TO DO:
Below are some records; quote exactly the lines from the one that contains "Lemma witness_girth4 : girth4 witness." through the one that contains "Proof. by case=> la", inclusive, and no others.

[Saved entries]
(* There exists a planar graph of girth 4 that does not belong to CBU.
   Context: Let $e_1,\ldots,e_d$ be the standard basis of $\mathbb{R}^d$. For $d\ge 1$, a graph belongs to $d$-CBU if one can assign to each vertex an axis-parallel box (product of $d$ closed intervals of positive length) in $\mathbb{R}^d$ such that the boxes have pairwise disjoint interiors, two distinct vertices are adjacent iff their boxes intersect, and any two intersecting boxes intersect in a $(d-1)$-dimensional box orthogonal to $e_1$. CBU denotes the union of the classes $d$-CBU over all $d\ge 1$. *)

From mathcomp Require Import all_boot.
From Stdlib Require Import Reals.

Set Implicit Arguments.
Unset Strict Implicit.
Unset Printing Implicit Defensive.

Definition simple_graph (n : nat) (adj : rel 'I_n) : Prop :=
  symmetric adj /\ irreflexive adj.

(* Girth 4: the shortest cycle has length 4.  A cycle of length k is a
   duplicate-free sequence of k vertices, cyclically consecutive ones adjacent
   (path.cycle); graph cycles have length >= 3. *)
Definition girth4 (n : nat) (adj : rel 'I_n) : Prop :=
  (exists s : seq 'I_n, size s = 4%N /\ uniq s /\ cycle adj s) /\
  (forall s : seq 'I_n, uniq s -> cycle adj s -> leq 3 (size s) ->
     leq 4 (size s)).

Local Open Scope R_scope.

(* Arcs are given by two coordinate functions
   R -> R, continuous everywhere (harmless: any arc on [0,1] extends). *)
Definition planar (n : nat) (adj : rel 'I_n) : Prop :=
  exists (px py : 'I_n -> R) (gx gy : 'I_n -> 'I_n -> R -> R),
    (forall u v, px u = px v -> py u = py v -> u = v) /\
    (forall u v, adj u v -> ltn u v ->
       continuity (gx u v) /\ continuity (gy u v) /\
       gx u v 0 = px u /\ gy u v 0 = py u /\
       gx u v 1 = px v /\ gy u v 1 = py v /\
       (forall s t, 0 <= s <= 1 -> 0 <= t <= 1 ->
          gx u v s = gx u v t -> gy u v s = gy u v t -> s = t) /\
       (forall w t, w <> u -> w <> v -> 0 <= t <= 1 ->
          ~ (gx u v t = px w /\ gy u v t = py w))) /\
    (forall u v u' v', adj u v -> ltn u v -> adj u' v' -> ltn u' v' ->
       (u, v) <> (u', v') ->
       forall s t, 0 < s < 1 -> 0 < t < 1 ->
         ~ (gx u v s = gx u' v' t /\ gy u v s = gy u' v' t)).

Definition in_box (d : nat) (lo hi x : 'I_d -> R) : Prop :=
  forall i, lo i <= x i <= hi i.
Definition in_box_interior (d : nat) (lo hi x : 'I_d -> R) : Prop :=
  forall i, lo i < x i < hi i.

(* d-CBU (coordinate 0 plays the role of e_1). *)
Definition in_dCBU (d n : nat) (adj : rel 'I_n) : Prop :=
  exists lo hi : 'I_n -> 'I_d -> R,
    (forall v i, lo v i < hi v i) /\
    (forall u v, u <> v ->
       ~ (exists x, in_box_interior (lo u) (hi u) x /\
                    in_box_interior (lo v) (hi v) x)) /\
    (forall u v, u <> v ->
       (adj u v <-> exists x, in_box (lo u) (hi u) x /\ in_box (lo v) (hi v) x)) /\
    (forall u v, u <> v ->
       (exists x, in_box (lo u) (hi u) x /\ in_box (lo v) (hi v) x) ->
       exists (c : R) (a b : 'I_d -> R),
         (forall i : 'I_d, nat_of_ord i <> O -> a i < b i) /\
         (forall x, (in_box (lo u) (hi u) x /\ in_box (lo v) (hi v) x) <->
            (forall i : 'I_d, (nat_of_ord i = O -> x i = c) /\
                              (nat_of_ord i <> O -> a i <= x i <= b i)))).

Definition in_CBU (n : nat) (adj : rel 'I_n) : Prop :=
  exists d : nat, leq 1 d /\ in_dCBU d adj.

From mathcomp Require Import all_boot.
From Stdlib Require Import Reals Lra.

Set Implicit Arguments.
Unset Strict Implicit.
Unset Printing Implicit Defensive.

(* In a CBU representation two adjacent boxes meet in a facet orthogonal to
   e_1, so the projections [lo v, hi v] of the boxes to the first axis abut:
   hi u = lo v or hi v = lo u.  Abutting intervals form no triangle, and when
   hi u = lo v the vertices u and v have no common abutting neighbour.  Along a
   4-cycle u x y v with hi u = lo v, either two opposite vertices get the same
   interval, or x starts and y ends at the contact point of u and v.  In the
   witness graph the 3-paths 2-8-9-1 and 0-6-7-5 rule out the degenerate cases
   of the 4-cycles 0-2-3-1 and 0-4-5-1, so (up to a mirror symmetry) 3 ends
   and 4 starts at the contact point of 0 and 1, and their common neighbour 10
   cannot abut both. *)

Definition witness_edges : seq (nat * nat) :=
  [:: (0, 1); (0, 2); (2, 3); (1, 3); (0, 4); (4, 5); (1, 5); (0, 6); (6, 7);
      (5, 7); (2, 8); (8, 9); (1, 9); (3, 10); (4, 10)].

Definition witness_adj : rel nat :=
  fun a b => ((a, b) \in witness_edges) || ((b, a) \in witness_edges).

Definition witness : rel 'I_11 := fun u v => witness_adj u v.

Local Notation vtx k := (@Ordinal 11 k isT).

Lemma all_iota_ord n (P : pred nat) : all P (iota 0 n) -> forall i : 'I_n, P i.
Proof. by move=> /allP allP i; apply: allP; rewrite mem_iota ltn_ord. Qed.

Lemma witness_sym : symmetric witness.
Proof. by move=> u v; rewrite /witness /witness_adj orbC. Qed.

Lemma witness_irr : irreflexive witness.
Proof.
by move=> u; apply/negbTE; apply: (all_iota_ord (P := fun a => ~~ witness_adj a a)).
Qed.

Lemma witness_triangle_free a b c : witness a b -> witness b c -> witness c a -> False.
Proof.
move=> ab bc ca; have := all_iota_ord (n := 11) (P := fun a => all (fun b => all (fun c =>
  ~~ [&& witness_adj a b, witness_adj b c & witness_adj c a]) (iota 0 11)) (iota 0 11)) isT a.
by move=> /all_iota_ord/(_ b)/all_iota_ord/(_ c)/and3P; apply.
Qed.

Lemma girth4_of_triangle_free n (adj : rel 'I_n) (s : seq 'I_n) :
  size s = 4 -> uniq s -> cycle adj s ->
  (forall a b c, adj a b -> adj b c -> adj c a -> False) -> girth4 adj.
Proof.
move=> size_s uniq_s cycle_s no_triangle; split; first by exists s.
case=> [|a [|b [|c [|? ?]]]] //= _ /and4P[ab bc ca _] _.
by case: (no_triangle a b c).
Qed.

Lemma witness_girth4 : girth4 witness.
Proof.
exact: (@girth4_of_triangle_free _ _ [:: vtx 0; vtx 2; vtx 3; vtx 1]) witness_triangle_free.
Qed.

Local Open Scope R_scope.

Section AbuttingIntervals.

Variables (V : Type) (lo hi : V -> R).
Hypothesis lo_lt_hi : forall v, lo v < hi v.

Definition abut (u v : V) : Prop := hi u = lo v \/ hi v = lo u.
Definition same_interval (u v : V) : Prop := lo u = lo v /\ hi u = hi v.

Lemma abut_sym u v : abut u v -> abut v u.
Proof. by case=> h; [right | left]. Qed.

Lemma same_interval_abut a b c : same_interval a b -> abut c a <-> abut c b.
Proof. by case=> la ha; rewrite /abut la ha. Qed.

Lemma no_common_abut a b c : hi a = lo b -> abut c a -> abut c b -> False.
Proof.
have := lo_lt_hi a; have := lo_lt_hi b; have := lo_lt_hi c.
by move=> ? ? ? ab [] ca [] cb; lra.
Qed.

Lemma abut_triangle_free a b c : abut a b -> abut b c -> abut c a -> False.
Proof.
case=> ab bc ca; first exact: no_common_abut ab ca (abut_sym bc).
exact: no_common_abut ab (abut_sym bc) ca.
Qed.

Lemma abut_square u x y v : hi u = lo v -> abut u x -> abut x y -> abut y v ->
  [\/ same_interval y u, same_interval x v | lo x = hi u /\ hi y = lo v].
Proof.
have := lo_lt_hi u; have := lo_lt_hi x; have := lo_lt_hi y; have := lo_lt_hi v.
move=> ? ? ? ? uv [] ux [] xy [] yv;
  first [ by apply: Or31; split; lra | by apply: Or32; split; lra
        | by apply: Or33; split; lra | exfalso; lra ].
Qed.

End AbuttingIntervals.

Lemma abut_mirror V (lo hi : V -> R) u v :
  abut lo hi u v -> abut (fun w => - hi w) (fun w => - lo w) u v.
Proof. by case=> h; [right | left]; rewrite /= h. Qed.

Lemma Rmax_eq_Rmin a b a' b' : a < b -> a' < b' -> Rmax a a' = Rmin b b' ->
  b = a' \/ b' = a.
Proof. by rewrite /Rmax /Rmin; case: Rle_dec; case: Rle_dec; lra. Qed.

Lemma in_box_set d (lo hi x : 'I_d -> R) i t : in_box lo hi x ->
  lo i <= t <= hi i -> in_box lo hi (fun j => if j == i then t else x j).
Proof. by move=> hx ht j; case: eqP => [-> | _]. Qed.

Lemma box_contact_abut d (lu hu lv hv : 'I_d -> R) i c :
  lu i < hu i -> lv i < hv i ->
  (exists x, in_box lu hu x /\ in_box lv hv x) ->
  (forall x, in_box lu hu x -> in_box lv hv x -> x i = c) ->
  hu i = lv i \/ hv i = lu i.
Proof.
move=> ltu ltv [x [xu xv]] flat.
have only_c t : lu i <= t <= hu i -> lv i <= t <= hv i -> t = c.
  by move=> tu tv; have := flat _ (in_box_set xu tu) (in_box_set xv tv); rewrite eqxx.
have [xui xvi] := (xu i, xv i).
have max_le_min : Rmax (lu i) (lv i) <= Rmin (hu i) (hv i).
  by apply: Rmax_lub; apply: Rmin_glb; lra.
have [[[? ?] ?] ?] := (Rmax_l (lu i) (lv i), Rmax_r (lu i) (lv i),
                       Rmin_l (hu i) (hv i), Rmin_r (hu i) (hv i)).
apply: Rmax_eq_Rmin => //.
by rewrite (only_c (Rmax (lu i) (lv i))) 1?(only_c (Rmin (hu i) (hv i))); lra.
Qed.

Lemma in_CBU_abutting n (adj : rel 'I_n) : in_CBU adj ->
  exists lo hi : 'I_n -> R, (forall v, lo v < hi v) /\
    (forall u v, u <> v -> adj u v -> abut lo hi u v).
Proof.
case=> d [d_gt0 [lo [hi [lt_lo_hi [_ [adj_meet contact]]]]]].
pose e1 : 'I_d := Ordinal d_gt0.
exists (lo^~ e1), (hi^~ e1); split=> [v | u v uv uv_adj]; first exact: lt_lo_hi.
have meet := proj1 (adj_meet u v uv) uv_adj.
have [c [a [b [_ face]]]] := contact u v uv meet.
apply: (@box_contact_abut d (lo u) (hi u) (lo v) (hi v) e1 c) => // x xu xv.
exact: (proj1 (proj1 (face x) (conj xu xv) e1)).
Qed.

Lemma witness_not_abutting (lo hi : 'I_11 -> R) : (forall v, lo v < hi v) ->
  ~ (forall u v, witness u v -> abut lo hi u v).
Proof.
move=> lt_lo_hi ab.
wlog h01 : lo hi lt_lo_hi ab / hi (vtx 0) = lo (vtx 1) => [mirror|].
  case: (ab (vtx 0) (vtx 1) isT) => [|h10]; first exact: mirror.
  apply: (mirror (fun w => - hi w) (fun w => - lo w)) => [v | u v uv | /=]; last by rewrite h10.
    by have := lt_lo_hi v; lra.
  exact/abut_mirror/ab.
have triangle := abut_triangle_free lt_lo_hi.
have hi3 : hi (vtx 3) = hi (vtx 0).
  have [[_ ->] // | same21 | [_ ->] //] := abut_square lt_lo_hi h01
    (ab (vtx 0) (vtx 2) isT) (ab (vtx 2) (vtx 3) isT) (ab (vtx 3) (vtx 1) isT).
  exfalso; apply: (triangle (vtx 2) (vtx 8) (vtx 9)); [exact: ab | exact: ab |].
  exact/(same_interval_abut _ same21)/(ab (vtx 9) (vtx 1) isT).
have lo4 : lo (vtx 4) = hi (vtx 0).
  have [same50 | [-> _] // | [-> _] //] := abut_square lt_lo_hi h01
    (ab (vtx 0) (vtx 4) isT) (ab (vtx 4) (vtx 5) isT) (ab (vtx 5) (vtx 1) isT).
  exfalso; apply: (triangle (vtx 0) (vtx 6) (vtx 7)); [exact: ab | exact: ab |].
  exact/(same_interval_abut _ same50)/(ab (vtx 7) (vtx 5) isT).
apply: (no_common_abut lt_lo_hi (a := vtx 3) (b := vtx 4) (c := vtx 10)).
- by rewrite hi3 lo4.
- exact: ab.
- exact: ab.
Qed.

Lemma witness_not_CBU : ~ in_CBU witness.
Proof.
case/in_CBU_abutting=> lo [hi [lt_lo_hi ab]].
apply: (witness_not_abutting lt_lo_hi) => u v uv; apply: ab (uv) => eq_uv.
by rewrite eq_uv witness_irr in uv.
Qed.

Definition seg (a b t : R) : R := a + t * (b - a).

Lemma continuity_seg a b : continuity (seg a b).
Proof.
apply: continuity_plus; first exact: continuity_const.
apply: continuity_mult; first exact: derivable_continuous derivable_id.
exact: continuity_const.
Qed.

Lemma seg_inj a b c d s t : a <> b \/ c <> d ->
  seg a b s = seg a b t -> seg c d s = seg c d t -> s = t.
Proof.
rewrite /seg => -[ab | cd] ac bd.
  by have /Rmult_integral[] : (s - t) * (b - a) = 0; lra.
by have /Rmult_integral[] : (s - t) * (d - c) = 0; lra.
Qed.

Definition straight_line_drawing n (adj : rel 'I_n) (px py : 'I_n -> R) : Prop :=
  [/\ forall u v, px u = px v -> py u = py v -> u = v,
      forall u v w t, adj u v -> ltn u v -> w <> u -> w <> v -> 0 <= t <= 1 ->
        ~ (seg (px u) (px v) t = px w /\ seg (py u) (py v) t = py w)
    & forall u v u' v', adj u v -> ltn u v -> adj u' v' -> ltn u' v' ->
        (u, v) <> (u', v') -> forall s t, 0 < s < 1 -> 0 < t < 1 ->
        ~ (seg (px u) (px v) s = seg (px u') (px v') t /\
           seg (py u) (py v) s = seg (py u') (py v') t)].

Lemma planar_of_straight_line_drawing n (adj : rel 'I_n) px py :
  straight_line_drawing adj px py -> planar adj.
Proof.
case=> inj avoid cross.
exists px, py, (fun u v => seg (px u) (px v)), (fun u v => seg (py u) (py v)).
split; first exact: inj.
split=> [u v uv lt_uv | ]; last exact: cross.
have ne_uv : px u <> px v \/ py u <> py v.
  case: (Req_dec (px u) (px v)) => [eq_x|]; [right=> eq_y | by left].
  by move: lt_uv; rewrite (inj _ _ eq_x eq_y) /= ltnn.
do 2 (split; first exact: continuity_seg).
do 4 (split; first by rewrite /seg; ring).
by split=> [s t _ _ | w t]; [exact: seg_inj | exact: avoid].
Qed.

Definition witness_x (k : nat) : R := nth 0 [:: 0; 0; -4; -4; 4; 4; 2; 3; -3; -2; 6] k.
Definition witness_y (k : nat) : R := nth 0 [:: 0; 4; 0; 4; 0; 4; 1; 2; 2; 3; 8] k.

Lemma witness_positions_inj (u v : 'I_11) :
  witness_x u = witness_x v -> witness_y u = witness_y v -> u = v.
Proof.
case: u v => [a ha] [b hb] ex ey; apply: val_inj; move: ha hb ex ey => /=.
rewrite /witness_x /witness_y.
case: a => [|[|[|[|[|[|[|[|[|[|[|a]]]]]]]]]]];
  case: b => [|[|[|[|[|[|[|[|[|[|[|b]]]]]]]]]]] //= _ _; lra.
Qed.

Lemma witness_edge_ordered (u v : 'I_11) :
  witness u v -> ltn u v -> ((u : nat), (v : nat)) \in witness_edges.
Proof.
have ordered : all (fun e => e.1 < e.2)%nat witness_edges by [].
case/orP=> // /(allP ordered) /= vu uv.
by have := ltn_trans uv vu; rewrite ltnn.
Qed.

Ltac case_witness_edge H :=
  rewrite !inE in H; repeat (case/orP: H => H); case/eqP: H => -> ->.

Lemma witness_edges_avoid_vertices a b w t : (a, b) \in witness_edges ->
  (w < 11)%nat -> w <> a -> w <> b -> 0 <= t <= 1 ->
  ~ (seg (witness_x a) (witness_x b) t = witness_x w /\
     seg (witness_y a) (witness_y b) t = witness_y w).
Proof.
move=> ab; case_witness_edge ab;
  case: w => [|[|[|[|[|[|[|[|[|[|[|w]]]]]]]]]]] //= _ _ _ t01 [];
  rewrite /seg /witness_x /witness_y /=; lra.
Qed.

Lemma witness_edges_disjoint a b a' b' s t :
  (a, b) \in witness_edges -> (a', b') \in witness_edges -> (a, b) <> (a', b') ->
  0 < s < 1 -> 0 < t < 1 ->
  ~ (seg (witness_x a) (witness_x b) s = seg (witness_x a') (witness_x b') t /\
     seg (witness_y a) (witness_y b) s = seg (witness_y a') (witness_y b') t).
Proof.
move=> ab ab'; case_witness_edge ab; case_witness_edge ab';
  move=> //= _ s01 t01 []; rewrite /seg /witness_x /witness_y /=; lra.
Qed.

Lemma witness_planar : planar witness.
Proof.
apply: (@planar_of_straight_line_drawing _ _ (fun u => witness_x u) (fun u => witness_y u)).
split=> [u v | u v w t uv lt_uv wu wv | u v u' v' uv lt_uv uv' lt_uv' ne s t].
- exact: witness_positions_inj.
- apply: witness_edges_avoid_vertices (witness_edge_ordered uv lt_uv) _ _ _;
    [exact: ltn_ord | by move/ord_inj | by move/ord_inj].
- apply: witness_edges_disjoint (witness_edge_ordered uv lt_uv) (witness_edge_ordered uv' lt_uv') _.
  by case=> /ord_inj eq_u /ord_inj eq_v; apply: ne; rewrite eq_u eq_v.
Qed.

Theorem mainTheorem6 :
  exists (n : nat) (adj : rel 'I_n),
    simple_graph adj /\ planar adj /\ girth4 adj /\ ~ in_CBU adj.
Proof.
exists 11%nat, witness.
split; first exact: (conj witness_sym witness_irr).
split; first exact: witness_planar.
split; first exact: witness_girth4.
exact: witness_not_CBU.
Qed.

YOUR RESPONSE:
Lemma witness_girth4 : girth4 witness.
Proof.
exact: (@girth4_of_triangle_free _ _ [:: vtx 0; vtx 2; vtx 3; vtx 1]) witness_triangle_free.
Qed.

Local Open Scope R_scope.

Section AbuttingIntervals.

Variables (V : Type) (lo hi : V -> R).
Hypothesis lo_lt_hi : forall v, lo v < hi v.

Definition abut (u v : V) : Prop := hi u = lo v \/ hi v = lo u.
Definition same_interval (u v : V) : Prop := lo u = lo v /\ hi u = hi v.

Lemma abut_sym u v : abut u v -> abut v u.
Proof. by case=> h; [right | left]. Qed.

Lemma same_interval_abut a b c : same_interval a b -> abut c a <-> abut c b.
Proof. by case=> la ha; rewrite /abut la ha. Qed.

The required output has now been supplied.